- **TASK REQUIREMENTS**
Provide an exact copy of the lines from the beginning of the records through the line that includes "(* the imaginary", and of no others.

### DATA TO USE ###

Lemma mx_mmul n A B : mx n (mmul n A B) = mx n A *m mx n B.
Proof.
apply/matrixP => i j; rewrite !mxE /mmul tc_csum.
by apply: eq_bigr => k _; rewrite tc_mul !mxE.
Qed.

Lemma mx_adj n A : mx n (adj A) = (mx n A)^t*.
Proof. by apply/matrixP => i j; rewrite !mxE /adj tc_conj. Qed.

Lemma mx_idm n : mx n idm = 1%:M.
Proof. by apply/matrixP => i j; rewrite !mxE tc_idm. Qed.

Lemma mx_diag n l : mx n (diag l) = diag_mx (\row_(k < n) (l k)%:C).
Proof.
apply/matrixP => i j; rewrite !mxE /diag.
case: (eqVneq i j) => [->|h]; first by rewrite Nat.eqb_refl.
by rewrite (proj2 (Nat.eqb_neq _ _)) // => e; move/negP: h; apply; apply/eqP/val_inj.
Qed.

Lemma unitaryP n U : unitary n U <-> (mx n U)^t* *m mx n U = 1%:M.
Proof. by rewrite /unitary meqP mx_mmul mx_adj mx_idm. Qed.

Lemma spectral_exists n A : Defs.hermitian n A ->
  exists U l, unitary n U /\ meq n A (mmul n U (mmul n (diag l) (adj U))).
Proof.
rewrite /Defs.hermitian meqP mx_adj => hA.
have hs : mx n A \is hermsymmx by apply/is_hermitianmxP; rewrite expr0 scale1r hA.
have hr := hermitian_spectral_diag_real hs.
have hu := spectral_unitarymx (mx n A).
move/orthomx_spectralP: (hermitian_normalmx hs); rewrite invmx_unitary // => eA.
set P := spectralmx (mx n A) in eA hu *; set sp := spectral_diag (mx n A) in eA hr *.
pose l k := if (insub k : option 'I_n) is Some k' then complex.Re (sp 0 k') else 0%R.
exists (unmx (P^t*)), l; split.
  by apply/unitaryP; rewrite unmxK trmxCK; exact/unitarymxP.
apply/meqP; rewrite !mx_mmul mx_adj mx_diag unmxK trmxCK mulmxA {1}eA.
congr (_ *m _ *m _); congr diag_mx; apply/matrixP => i k; rewrite !mxE ord1 /l valK.
by rewrite RRe_real //; move/mxOverP: hr; apply.
Qed.
Lemma le_normc_s_add_d : d <= normc (s + d%:C).
Proof.
set p := 1 - r * u.
set Ng := u ^+ 2 + v ^+ 2; set Ns := p ^+ 2 + (r * v) ^+ 2.
have im_id : (w * Ng + v) * Ns ^+ 2 = r * v * Ng * (Ns + 2 * d * p).
  (* the imaginary part of [g_eq] times conj(g) conj(s)^2 *)
  have := congr1 (fun z => complex.Im (z * (u -i* v) * (p +i* (r * v)) * (p +i* (r * v)))) g_eq.
  rewrite s_ReIm !expr2 /=.
  move/eqP; rewrite -subr_eq0 => /eqP h.
  apply/eqP; rewrite -subr_eq0; apply/eqP; rewrite -h /Ng /Ns /p; ring.
have Ng_gt0 : 0 < Ng by rewrite /Ng -(sqr_normcE g) exprn_gt0 // normc_gt0.
have wNg_le : w * Ng + v <= 0 by move: g_im; rewrite sqr_normcE /Ng /=; lra.
have : r * v * Ng * (Ns + 2 * d * p) <= 0.
  by rewrite -im_id mulr_le0_ge0 ?sqr_ge0.
rewrite nmulr_rle0 => [sd_ge0|]; last by rewrite pmulr_llt0 // pmulr_rlt0 // Im_g_lt0.
rewrite -ler_sqr ?nnegrE ?normc_ge0 // sqr_normcE s_ReIm /= addr0 sqrrN.
by move: sd_ge0; rewrite /Ns /p; nra.
Qed.

Lemma normc_s_le : normc s <= 4 * normc (s + sg%:C).
Proof.
have sd_le : normc (s + d%:C) <= normc (s + sg%:C) + `|d - sg|.
  have -> : s + d%:C = (s + sg%:C) + (d - sg)%:C by rewrite rmorphB /=; ring.
  by rewrite -normc_real le_normcD.
have s_le : normc s <= normc (s + d%:C) + d.
  rewrite -{1}(addrK d%:C s); apply: le_trans (le_normcD _ _) _.
  by rewrite normcN normc_real ger0_norm.
have : `|d - sg| <= d / 2.
  by rewrite ler_norml; apply/andP; split; move: sg_ge sg_le; lra.
have := le_normc_s_add_d; lra.
Qed.
Lemma dotBl u v w : dot (u - v) w = dot u w - dot v w.
Proof. by rewrite dotDl dotNl. Qed.

Lemma dotDr u v w : dot u (v + w) = dot u v + dot u w.
Proof. by rewrite dotC dotDl !(dotC u). Qed.

Lemma dotZr c u v : dot u (c *: v) = c * dot u v.
Proof. by rewrite dotC dotZl dotC. Qed.

Lemma dotNr u v : dot u (- v) = - dot u v.
Proof. by rewrite dotC dotNl dotC. Qed.

Lemma dotBr u v w : dot u (v - w) = dot u v - dot u w.
Proof. by rewrite dotDr dotNr. Qed.

Lemma dot0l v : dot 0 v = 0.
Proof. by rewrite -(scale0r 0) dotZl mul0r. Qed.

Lemma dot_suml n (F : 'I_n -> 'rV[R]_d) v :
  dot (\sum_(i < n) F i) v = \sum_(i < n) dot (F i) v.
Proof. exact: (big_morph (fun u => dot u v) (fun u w => dotDl u w v) (dot0l v)). Qed.

Lemma dotxx_ge0 u : 0 <= dot u u.
Proof. by apply: sumr_ge0 => j _; rewrite -expr2 sqr_ge0. Qed.

Lemma dotxx_eq0 u : (dot u u == 0) = (u == 0).
Proof.
apply/idP/eqP => [/eqP uu0|->]; last by rewrite dot0l.
apply/rowP => j; rewrite mxE; apply/eqP; rewrite -sqrf_eq0.
have /psumr_eq0P sq0 : \sum_(k < d) u 0 k ^+ 2 = 0.
  by rewrite -[RHS]uu0; apply: eq_bigr => k _; rewrite expr2.
by rewrite sq0 // => k _; exact: sqr_ge0.
Qed.

Lemma enorm_ge0 u : 0 <= enorm u.
Proof. exact: sqrtr_ge0. Qed.

Lemma enorm_sqr u : enorm u ^+ 2 = dot u u.
Proof. exact/sqr_sqrtr/dotxx_ge0. Qed.

Lemma enormZ c u : enorm (c *: u) = `|c| * enorm u.
Proof. by rewrite /enorm dotZl dotZr mulrA -expr2 sqrtrM ?sqr_ge0 // sqrtr_sqr. Qed.

Lemma dot_le_enorm u v : dot u v <= enorm u * enorm v.
Proof.
set a := enorm u; set b := enorm v.
have [a0 | a_neq0] := eqVneq a 0.
  suff -> : u = 0 by rewrite dot0l a0 mul0r.
  by apply/eqP; rewrite -dotxx_eq0 -enorm_sqr -/a a0 expr0n.
have [b0 | b_neq0] := eqVneq b 0.
  suff -> : v = 0 by rewrite dotC dot0l b0 mulr0.
  by apply/eqP; rewrite -dotxx_eq0 -enorm_sqr -/b b0 expr0n.
(* expand [0 <= |b u - a v|^2 = 2 a b (a b - <u, v>)] *)
have := dotxx_ge0 (b *: u - a *: v).
rewrite !(dotBl, dotBr, dotZl, dotZr) -!enorm_sqr (dotC v u) -/a -/b => h.
have ab_gt0 : 0 < a * b by rewrite mulr_gt0 // lt0r ?a_neq0 ?b_neq0 enorm_ge0.
rewrite -subr_ge0 -(pmulr_rge0 _ ab_gt0); nra.
Qed.

Lemma dotxx_convex_comb_le (m : nat) (w : 'I_m -> R) (u : 'I_m -> 'rV[R]_d) :
  (forall j, 0 <= w j) -> \sum_j w j = 1 ->
  dot (\sum_j w j *: u j) (\sum_j w j *: u j) <= \sum_j w j * dot (u j) (u j).
Proof.
move=> w_ge0 w_sum1; set M := \sum_j w j *: u j.
have dotMM : dot M M = \sum_j w j * dot (u j) M.
  by rewrite {1}/M dot_suml; apply: eq_bigr => j _; rewrite dotZl.
have var_ge0 : 0 <= \sum_j w j * dot (u j - M) (u j - M).
  by apply: sumr_ge0 => j _; rewrite mulr_ge0 ?dotxx_ge0.
have variance_eq : \sum_j w j * dot (u j - M) (u j - M) =
    \sum_j w j * dot (u j) (u j) - 2 * \sum_j w j * dot (u j) M + (\sum_j w j) * dot M M.
  rewrite mulr_sumr mulr_suml -sumrB -big_split; apply: eq_bigr => j _ /=.
  by rewrite !(dotBl, dotBr) (dotC M (u j)); ring.
by move: var_ge0; rewrite variance_eq -dotMM w_sum1; lra.
Qed.

End EuclideanInnerProduct.

Lemma convex_comb_sub_le_diam (R : realType) (d m : nat) (w : 'I_m -> R)
    (p : 'I_m -> 'rV[R]_d) i :
  (forall j, 0 <= w j) -> \sum_j w j = 1 ->
  enorm (\sum_j w j *: p j - p i) ^+ 2 <=
    \big[Num.max/0]_(k < m) \big[Num.max/0]_(j < m | k != j) enorm (p k - p j) ^+ 2.
Proof.
move=> w_ge0 w_sum1; set D := \big[Num.max/0]_(k < m) _.
have D_ge0 : 0 <= D by exact: bigmax_ge_id.
have -> : \sum_j w j *: p j - p i = \sum_j w j *: (p j - p i).
  by rewrite (eq_bigr _ (fun j _ => scalerBr _ _ _)) sumrB -scaler_suml w_sum1 scale1r.
rewrite enorm_sqr.
apply: le_trans (dotxx_convex_comb_le (fun j => p j - p i) w_ge0 w_sum1) _.
apply: le_trans (_ : _ <= \sum_j w j * D) _; last by rewrite -mulr_suml w_sum1 mul1r.
apply: ler_sum => j _; rewrite ler_wpM2l // -enorm_sqr.
have [-> | neq_ji] := eqVneq j i.
  by rewrite subrr -(scale0r 0) enormZ normr0 mul0r expr0n.
apply: le_trans (le_bigmax_cond 0 (fun k => enorm (p j - p k) ^+ 2) neq_ji) _.
exact: (le_bigmax 0
  (fun k => \big[Num.max/0]_(l < m | k != l) enorm (p k - p l) ^+ 2)).
Qed.

Lemma le_of_le_add_divS (R : realType) (a b c : R) :
  (forall N : nat, a <= b + c / N.+1%:R) -> a <= b.
Proof.
move=> le_abc; apply/ler_addgt0Pr => e e_gt0.
have [c_le0 | c_gt0] := lerP c 0.
  by apply: le_trans (le_abc 0%N) _; rewrite divr1 lerD2l (le_trans c_le0) ?ltW.
apply: le_trans (le_abc (Num.truncn (c / e))) _; rewrite lerD2l ler_pdivrMr ?ltr0Sn //.
by rewrite mulrC -ler_pdivrMr // ltW ?truncnS_gt.
Qed.

Lemma iter_contraction (R : realType) (T : Type) (F : T -> R) (step : T -> T)
    (q c : R) :
  0 <= q -> (forall x, F (step x) - c <= q * (F x - c)) ->
  forall K x, F (iter K step x) - c <= q ^+ K * (F x - c).
Proof.
move=> q_ge0 contr; elim=> [|K IH] x; first by rewrite expr0 mul1r.
rewrite iterS exprS -mulrA; apply: le_trans (contr _) _.
exact: ler_wpM2l.
Qed.

Section GradientStep.
Variables (R : realType) (d : nat) (F : 'rV[R]_d -> R) (a b : R).
Hypotheses (a_gt0 : 0 < a) (b_ge0 : 0 <= b).

Lemma gradient_step_contraction x z g :
  (forall y, F y <= F x + dot g (y - x) + a / 2 * dot (y - x) (y - x)) ->
  F x + dot g (z - x) + b / 2 * dot (z - x) (z - x) <= F z ->
  F (x - a^-1 *: g) - F z <= (1 - b / a) * (F x - F z).
Proof.
move=> upper lower.
have := upper (x - a^-1 *: g).
have -> : x - a^-1 *: g - x = - (a^-1 *: g) by rewrite addrAC subrr add0r.
rewrite !(dotNl, dotNr, dotZl, dotZr) opprK; set gg := dot g g.
have -> : a / 2 * (a^-1 * (a^-1 * gg)) = a^-1 * gg / 2 by field; rewrite gt_eqF.
move=> step_le.
(* [b (F x - F z) <= |g|^2 / 2] because [0 <= |g + b (z - x)|^2] *)
set h := z - x in lower; clearbody h.
have := dotxx_ge0 (g + b *: h).
rewrite !(dotDl, dotDr, dotZl, dotZr) (dotC h g) -/gg => sq_ge0.
have gap_le : b * (F x - F z) <= gg / 2.
  have := mulr_ge0 b_ge0 (_ : 0 <= F z - (F x + dot g h + b / 2 * dot h h)).
  rewrite subr_ge0 => /(_ lower); nra.
have ainv_ge0 : 0 <= a^-1 by rewrite invr_ge0 ltW.
have := ler_wpM2r ainv_ge0 gap_le; lra.
Qed.
Lemma Omega_selection_of_eventually_far (N0 : nat) :
  S1 (GammaF T) (omega_cover T) ->
  (forall n g, (N0 <= n)%nat -> An n g ->
     exists x, radius n <= Rabs (proj1_sig g x - proj1_sig f x)) ->
  exists b, (forall n, An n (b n)) /\ Omega_at (Cp_open T) f (fun e => exists n, e = b n).
Proof.
  intros HGF Hfar.
  set (near := fun n (g : CX T) x => Rabs (proj1_sig g x - proj1_sig f x) < radius n).
  destruct (HGF (fun m V => exists g, An (m + N0)%nat g /\ V = near (m + N0)%nat g))
    as [Vsel [HVsel Homega]].
  { intro m. apply GammaF_of_Gamma_at; [exact HT | apply radius_pos | apply HAn |].
    intros g Hg. apply Hfar; [lia | exact Hg]. }
  destruct (choice (fun n g => An n g /\ ((N0 <= n)%nat -> Vsel (n - N0)%nat = near n g)))
    as [b Hb].
  { intro n. destruct (Compare_dec.le_lt_dec N0 n) as [Hn|Hn].
    - destruct (HVsel (n - N0)%nat) as [g [Hg HV]].
      replace (n - N0 + N0)%nat with n in * by lia. exists g. auto.
    - destruct (Gamma_at_seq_nonempty n) as [g Hg]. exists g. split; [exact Hg | intro; lia]. }
  exists b. split; [intro n; apply Hb|].
  apply Omega_at_of_radius_approx; [apply Gamma_at_seq_neq; intro n; apply Hb|].
  intros K M.
  destruct (omega_cover_avoid T _ Homega K (map Vsel (seq 0 M))) as [V [[m ->] [HVL HVK]]].
  assert (HMm : (M <= m)%nat) by (apply Nat.nlt_ge; intro Hm; apply HVL, in_map, in_seq; lia).
  exists (m + N0)%nat. split; [lia|]. intros y Hy.
  destruct (Hb (m + N0)%nat) as [_ HV]. specialize (HV ltac:(lia)).
  replace (m + N0 - N0)%nat with m in HV by lia.
  rewrite HV in HVK. exact (HVK y Hy).
Qed.

End Selection_in_Cp.

Lemma S1_Gamma_Omega_of_S1_GammaF :
  S1 (GammaF T) (omega_cover T) ->
  forall f : CX T, S1 (Gamma_at (Cp_open T) f) (Omega_at (Cp_open T) f).
Proof.
  intros HGF f An HAn.
  destruct (classic (forall M, exists n, (M <= n)%nat /\ exists g, An n g /\
                       forall x, Rabs (proj1_sig g x - proj1_sig f x) < radius n))
    as [Hoften | Hrarely].
  - exact (Omega_selection_of_often_close f An HAn Hoften).
  - destruct (not_all_ex_not _ _ Hrarely) as [N0 HN0].
    apply (Omega_selection_of_eventually_far f An HAn N0 HGF).
    intros n g HN0n Hg. apply NNPP; intro Hno. apply HN0. exists n.
    split; [exact HN0n|]. exists g. split; [exact Hg|]. intro x.
    apply Rnot_le_lt. intro Hx. apply Hno. exists x; exact Hx.
Qed.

###

- **EXERCISE ANSWER**
Lemma mx_mmul n A B : mx n (mmul n A B) = mx n A *m mx n B.
Proof.
apply/matrixP => i j; rewrite !mxE /mmul tc_csum.
by apply: eq_bigr => k _; rewrite tc_mul !mxE.
Qed.

Lemma mx_adj n A : mx n (adj A) = (mx n A)^t*.
Proof. by apply/matrixP => i j; rewrite !mxE /adj tc_conj. Qed.

Lemma mx_idm n : mx n idm = 1%:M.
Proof. by apply/matrixP => i j; rewrite !mxE tc_idm. Qed.

Lemma mx_diag n l : mx n (diag l) = diag_mx (\row_(k < n) (l k)%:C).
Proof.
apply/matrixP => i j; rewrite !mxE /diag.
case: (eqVneq i j) => [->|h]; first by rewrite Nat.eqb_refl.
by rewrite (proj2 (Nat.eqb_neq _ _)) // => e; move/negP: h; apply; apply/eqP/val_inj.
Qed.

Lemma unitaryP n U : unitary n U <-> (mx n U)^t* *m mx n U = 1%:M.
Proof. by rewrite /unitary meqP mx_mmul mx_adj mx_idm. Qed.

Lemma spectral_exists n A : Defs.hermitian n A ->
  exists U l, unitary n U /\ meq n A (mmul n U (mmul n (diag l) (adj U))).
Proof.
rewrite /Defs.hermitian meqP mx_adj => hA.
have hs : mx n A \is hermsymmx by apply/is_hermitianmxP; rewrite expr0 scale1r hA.
have hr := hermitian_spectral_diag_real hs.
have hu := spectral_unitarymx (mx n A).
move/orthomx_spectralP: (hermitian_normalmx hs); rewrite invmx_unitary // => eA.
set P := spectralmx (mx n A) in eA hu *; set sp := spectral_diag (mx n A) in eA hr *.
pose l k := if (insub k : option 'I_n) is Some k' then complex.Re (sp 0 k') else 0%R.
exists (unmx (P^t*)), l; split.
  by apply/unitaryP; rewrite unmxK trmxCK; exact/unitarymxP.
apply/meqP; rewrite !mx_mmul mx_adj mx_diag unmxK trmxCK mulmxA {1}eA.
congr (_ *m _ *m _); congr diag_mx; apply/matrixP => i k; rewrite !mxE ord1 /l valK.
by rewrite RRe_real //; move/mxOverP: hr; apply.
Qed.
Lemma le_normc_s_add_d : d <= normc (s + d%:C).
Proof.
set p := 1 - r * u.
set Ng := u ^+ 2 + v ^+ 2; set Ns := p ^+ 2 + (r * v) ^+ 2.
have im_id : (w * Ng + v) * Ns ^+ 2 = r * v * Ng * (Ns + 2 * d * p).
  (* the imaginary part of [g_eq] times conj(g) conj(s)^2 *)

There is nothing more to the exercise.